Designed by Epstein Joslin Architects, a firm based in Massachusetts, with acoustics by the famed Yasuhisa Toyota, the acoustician who did the sound design at Disney Hall, the Conrad contains within it the Baker-Baum Concert Hall, a traditional concert hall space with a capacity of nearly 500. Times classical music critic Mark Swed says the sound is “clear and noble,” but he tells me that he thinks it could use some fine-tuning.
The complex also has a smaller cabaret theater, the JAI, that accommodates 136 people, as well as an outdoor courtyard, also a performance site, dubbed the Wu Tsai QRT.yrd (because contemporary).

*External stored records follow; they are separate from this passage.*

(* Let $G\in\mathcal{RG}^{{\underline{\kappa}},*}_{g,n}$ be non-bipartite and $\underline b\in\mathbb R^n$. A point $w\in\operatorname{vp}_G^{-1}(\underline b)$ is a vertex of $P_G(\underline b)$ if and only if $w(e)\ge0$ for all $e\in E(G)\setminus S(G)$ and the edge set $F=\{e\in E(G)\setminus S(G):w(e)>0\}$ forms a disjoint union of trees and/or one-odd-cycle graphs. Moreover, the cone of feasible directions of $P_G(\underline b)$ at such a vertex is $\{v\in\operatorname{vp}_G^{-1}(0):v(e)\ge0\ \forall e\in E(G)\setminus(S(G)\cup F)\}$; in particular it depends only on $F$ and not on $\underline b$.
   Context: $\mathcal{RG}^{{\underline{\kappa}},*}_{g,n}$: connected ribbon graphs of genus $g$ with $n$ labeled vertices and faces of odd degrees ${\underline{\kappa}}$. $\operatorname{vp}_G:\mathbb R^{E(G)}\to\mathbb R^n$, $\operatorname{vp}_G(w)_v=\sum_e a_{ve}w(e)$ ($a_{ve}=2$ for a loop at $v$, $1$ for other incident edges, $0$ otherwise). Static edges $S(G)$: edges $e$ such that some component of $G-e$ is bipartite. $P_G(\underline b)=\{w\in\operatorname{vp}_G^{-1}(\underline b):w(e)\ge0\ \forall e\in E(G)\setminus S(G)\}$. A one-odd-cycle graph is a connected graph with exactly one simple cycle, of odd length. The cone of feasible directions of a polyhedron $P$ at $p$ is $\{v: p+\varepsilon v\in P\text{ for some }\varepsilon>0\}$. *)

From HB Require Import structures.
From mathcomp Require Import all_boot all_order all_fingroup all_algebra.
From mathcomp Require Import reals.
Set Implicit Arguments. Unset Strict Implicit. Unset Printing Implicit Defensive.
Import Order.TTheory GRing.Theory Num.Theory.
Local Open Scope ring_scope.
(* Let $\alpha_1,\alpha_2,\beta_1,\beta_2$ be positive constants, and let $\{a_k\}_{k\ge0}$, $\{b_k\}_{k\ge1}$ be non-negative sequences with $a_{k+1}\le\alpha_1a_k^2+\alpha_2$ for all $k\ge0$ and $b_{k+1}\le\beta_1b_k+\beta_2b_k^2$ for all $k\ge1$. Assume $\alpha_2\le\frac1{4\alpha_1}$ and $\beta_1<1$. If $a_0=0$ and $b_1\le\frac{\gamma-\beta_1}{\beta_2}$ for some $\gamma\in(\beta_1,1)$, then \[ 0\le\sup_{k\ge0}a_k\le2\alpha_2,\qquad \sum_{k=1}^\infty b_k\le\frac{b_1}{1-\gamma}. \] *)

From Stdlib Require Import Reals.
From Coquelicot Require Export Coquelicot.

(* Both recursions are controlled by an invariant interval.  For [a], the map
   [x |-> alpha1 x^2 + alpha2] sends [0, 2 alpha2] into itself as soon as
   [4 alpha1 alpha2 <= 1].  For [b], as long as [beta2 b_k <= gamma - beta1]
   the recursion is a contraction [b_(k+1) <= gamma b_k]; the contraction
   keeps [b_k] below [b_1], which preserves the condition, so [b_(k+1) <=
   gamma^k b_1] and the series is dominated by a geometric one. *)

From Stdlib Require Import Reals Lra Psatz.
From Coquelicot Require Import Coquelicot.
Open Scope R_scope.

Lemma Sup_seq_ub (u : nat -> R) (M : R) :
  (forall n, u n <= M) -> Rbar_le (Sup_seq u) M.
Proof.
  intros Hu.
  apply (proj2 (is_sup_seq_lub _ _ (Sup_seq_correct u))).
  intros x [n ->]. apply Hu.
Qed.

Lemma quadratic_rec_bounded (alpha1 alpha2 : R) (a : nat -> R) :
  0 <= alpha1 -> 0 <= alpha2 -> 4 * alpha1 * alpha2 <= 1 ->
  (forall k, 0 <= a k) -> a 0%nat <= 2 * alpha2 ->
  (forall k, a (S k) <= alpha1 * a k ^ 2 + alpha2) ->
  forall k, a k <= 2 * alpha2.
Proof.
  intros Ha1 Ha2 Hprod Ha_nn Ha0 Ha_rec k.
  induction k as [|k IH]; [exact Ha0|].
  assert (Hsq : a k ^ 2 <= (2 * alpha2) ^ 2) by (apply pow_incr; split; auto).
  pose proof (Ha_rec k).
  nra.
Qed.

Lemma contraction_step (beta1 beta2 gamma x : R) :
  0 <= x -> beta2 * x <= gamma - beta1 ->
  beta1 * x + beta2 * x ^ 2 <= gamma * x.
Proof. intros Hx Hsmall. nra. Qed.

Lemma quadratic_rec_geometric (beta1 beta2 gamma : R) (u : nat -> R) :
  0 <= beta2 -> 0 <= gamma <= 1 ->
  (forall k, 0 <= u k) ->
  (forall k, u (S k) <= beta1 * u k + beta2 * u k ^ 2) ->
  beta2 * u 0%nat <= gamma - beta1 ->
  forall k, u k <= u 0%nat * gamma ^ k.
Proof.
  intros Hb2 Hg Hu_nn Hu_rec Hu0 k.
  induction k as [|k IH]; [simpl; lra|].
  assert (Hgk : gamma ^ k <= 1) by (rewrite <- (pow1 k); apply pow_incr; lra).
  assert (Hsmall : beta2 * u k <= gamma - beta1).
  { assert (u k <= u 0%nat) by (pose proof (Hu_nn 0%nat); nra). nra. }
  pose proof (contraction_step beta1 beta2 gamma (u k) (Hu_nn k) Hsmall).
  pose proof (Hu_rec k).
  simpl. nra.
Qed.

Lemma series_geometric_domination (u : nat -> R) (gamma C : R) :
  0 <= gamma < 1 -> (forall k, 0 <= u k <= C * gamma ^ k) ->
  ex_series u /\ Series u <= C / (1 - gamma).
Proof.
  intros Hg Hu.
  assert (Hgeo : is_series (fun k => C * gamma ^ k) (C / (1 - gamma))).
  { apply (is_series_scal_l C (fun k => gamma ^ k)), is_series_geom.
    rewrite Rabs_pos_eq; lra. }
  split.
  - apply (@ex_series_le R_AbsRing R_CompleteNormedModule _ (fun k => C * gamma ^ k)).
    + intros k. change norm with Rabs. rewrite Rabs_pos_eq; apply Hu.
    + eexists; exact Hgeo.
  - rewrite <- (is_series_unique _ _ Hgeo).
    apply Series_le; [exact Hu | eexists; exact Hgeo].
Qed.

Theorem lemma4p2 (alpha1 alpha2 beta1 beta2 gamma : R) (a b : nat -> R)
  (Ha1 : 0 < alpha1) (Ha2 : 0 < alpha2) (Hb1 : 0 < beta1) (Hb2 : 0 < beta2)
  (Ha_nn : forall k : nat, 0 <= a k)
  (Hb_nn : forall k : nat, (1 <= k)%nat -> 0 <= b k)
  (Ha_rec : forall k : nat, a (S k) <= alpha1 * (a k)^2 + alpha2)
  (Hb_rec : forall k : nat, (1 <= k)%nat -> b (S k) <= beta1 * b k + beta2 * (b k)^2)
  (Halpha : alpha2 <= 1 / (4 * alpha1))
  (Hbeta : beta1 < 1)
  (Ha0 : a 0%nat = 0)
  (Hgamma : beta1 < gamma /\ gamma < 1)
  (Hb1bound : b 1%nat <= (gamma - beta1) / beta2) :
  Rbar_le (Finite 0) (Sup_seq a) /\ Rbar_le (Sup_seq a) (Finite (2 * alpha2)) /\
  ex_series (fun k => b (S k)) /\
  Series (fun k => b (S k)) <= b 1%nat / (1 - gamma).
Proof.
  assert (Hprod : 4 * alpha1 * alpha2 <= 1).
  { assert (4 * alpha1 * (1 / (4 * alpha1)) = 1) by (field; lra). nra. }
  assert (Ha_bound : forall k, a k <= 2 * alpha2).
  { apply (quadratic_rec_bounded alpha1 alpha2 a); auto; lra. }
  assert (Hbs_nn : forall k, 0 <= b (S k)) by (intros k; apply Hb_nn; lia).
  assert (Hb_small : beta2 * b 1%nat <= gamma - beta1).
  { assert (beta2 * ((gamma - beta1) / beta2) = gamma - beta1) by (field; lra).
    nra. }
  assert (Hb_geo : forall k, b (S k) <= b 1%nat * gamma ^ k).
  { apply (quadratic_rec_geometric beta1 beta2 gamma (fun k => b (S k)));
      auto; try lra.
    intros k. apply Hb_rec. lia. }
  destruct (series_geometric_domination (fun k => b (S k)) gamma (b 1%nat))
    as [Hex Hsum]; [lra | intros k; auto |].
  repeat split; auto.
  - apply (Sup_seq_minor_le a 0 0%nat), Ha_nn.
  - apply Sup_seq_ub, Ha_bound.
Qed.
(* Suppose Assumptions 1–4 hold and $p$ is convex. Let $$s=\inf\{q\ge0 : p(q)=\min_n C_n'(0)\},\qquad t=\inf\{q\ge0:\ \min_n C_n'(q)\ge p(q)+q\,\partial_+p(q)\}.$$ If $\partial_-p(s)<0$, then every Cournot candidate $\mathbf{x}$ satisfies $\gamma(\mathbf{x})\ge f\big(\partial_+p(t)/\partial_-p(s)\big)$.
   Context: Cournot model: $N$ suppliers, inverse demand $p:[0,\infty)\to[0,\infty)$, supplier $n$ has cost $C_n:[0,\infty)\to[0,\infty)$ and chooses $x_n\ge0$; $X=\sum_n x_n$. $\partial_\pm$ denote right/left derivatives; $C_n'(0)$ is the right derivative at $0$. Assumption 1: each $C_n$ is convex, continuous, nondecreasing on $[0,\infty)$, continuously differentiable on $(0,\infty)$, with $C_n(0)=0$. Assumption 2: $p$ is continuous, nonnegative, nonincreasing, $p(0)>0$; its right derivative at $0$ exists and at every $q>0$ its left and right derivatives exist. Assumption 3: there exists $R>0$ such that $p(R)\le\min_n C_n'(0)$ (this guarantees $s,t$ are finite). Assumption 4: $p(0)>\min_n C_n'(0)$. Social welfare of $\mathbf{x}\ge0$: $W(\mathbf{x})=\int_0^X p(q)\,dq-\sum_{n=1}^N C_n(x_n)$; a social optimum $\mathbf{x}^S$ maximizes $W$. Efficiency: $\gamma(\mathbf{x})=W(\mathbf{x})/W(\mathbf{x}^S)$. A nonnegative vector $\mathbf{x}$ is a Cournot candidate if for every $n$: $C_n'(x_n)\le p(X)+x_n\,\partial_-p(X)$ whenever $x_n>0$, and $C_n'(x_n)\ge p(X)+x_n\,\partial_+p(X)$. For $\overline c\ge1$: $f(\overline c)=\dfrac{\phi^2+2}{\phi^2+2\phi+\overline c}$ with $\phi=\max\left\{\dfrac{2-\overline c+\sqrt{\overline c^{\,2}-4\overline c+12}}{2},1\right\}$. *)

From Stdlib Require Import Reals Lra ClassicalEpsilon.
Open Scope R_scope.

The new hall, unfortunately, sits at a rather uninspired site: in view of a luxury movie house called the Lot that consists of an ungainly grey box that has all the architectural charm of a big-box store. In response, the architects of the Conrad turned their building inward. The concert hall and its pleasant courtyard are screened from the street by a slatted terracotta-colored trellis that also serves as sunbreak. Unfortunately, this doesn’t leave much to admire in terms of facade. From the street, the slatted trellis comes off more as garden center than concert hall.
The aesthetics of the principal performance space, however, help make up for the exteriors. Walls are lined with vertical beams of Alaskan yellow cedar, evoking an abstracted tree pattern. And rather than clutter the building with a big lobby, the auditorium spills right out into the outdoor courtyard, a design that makes the most of fresh air.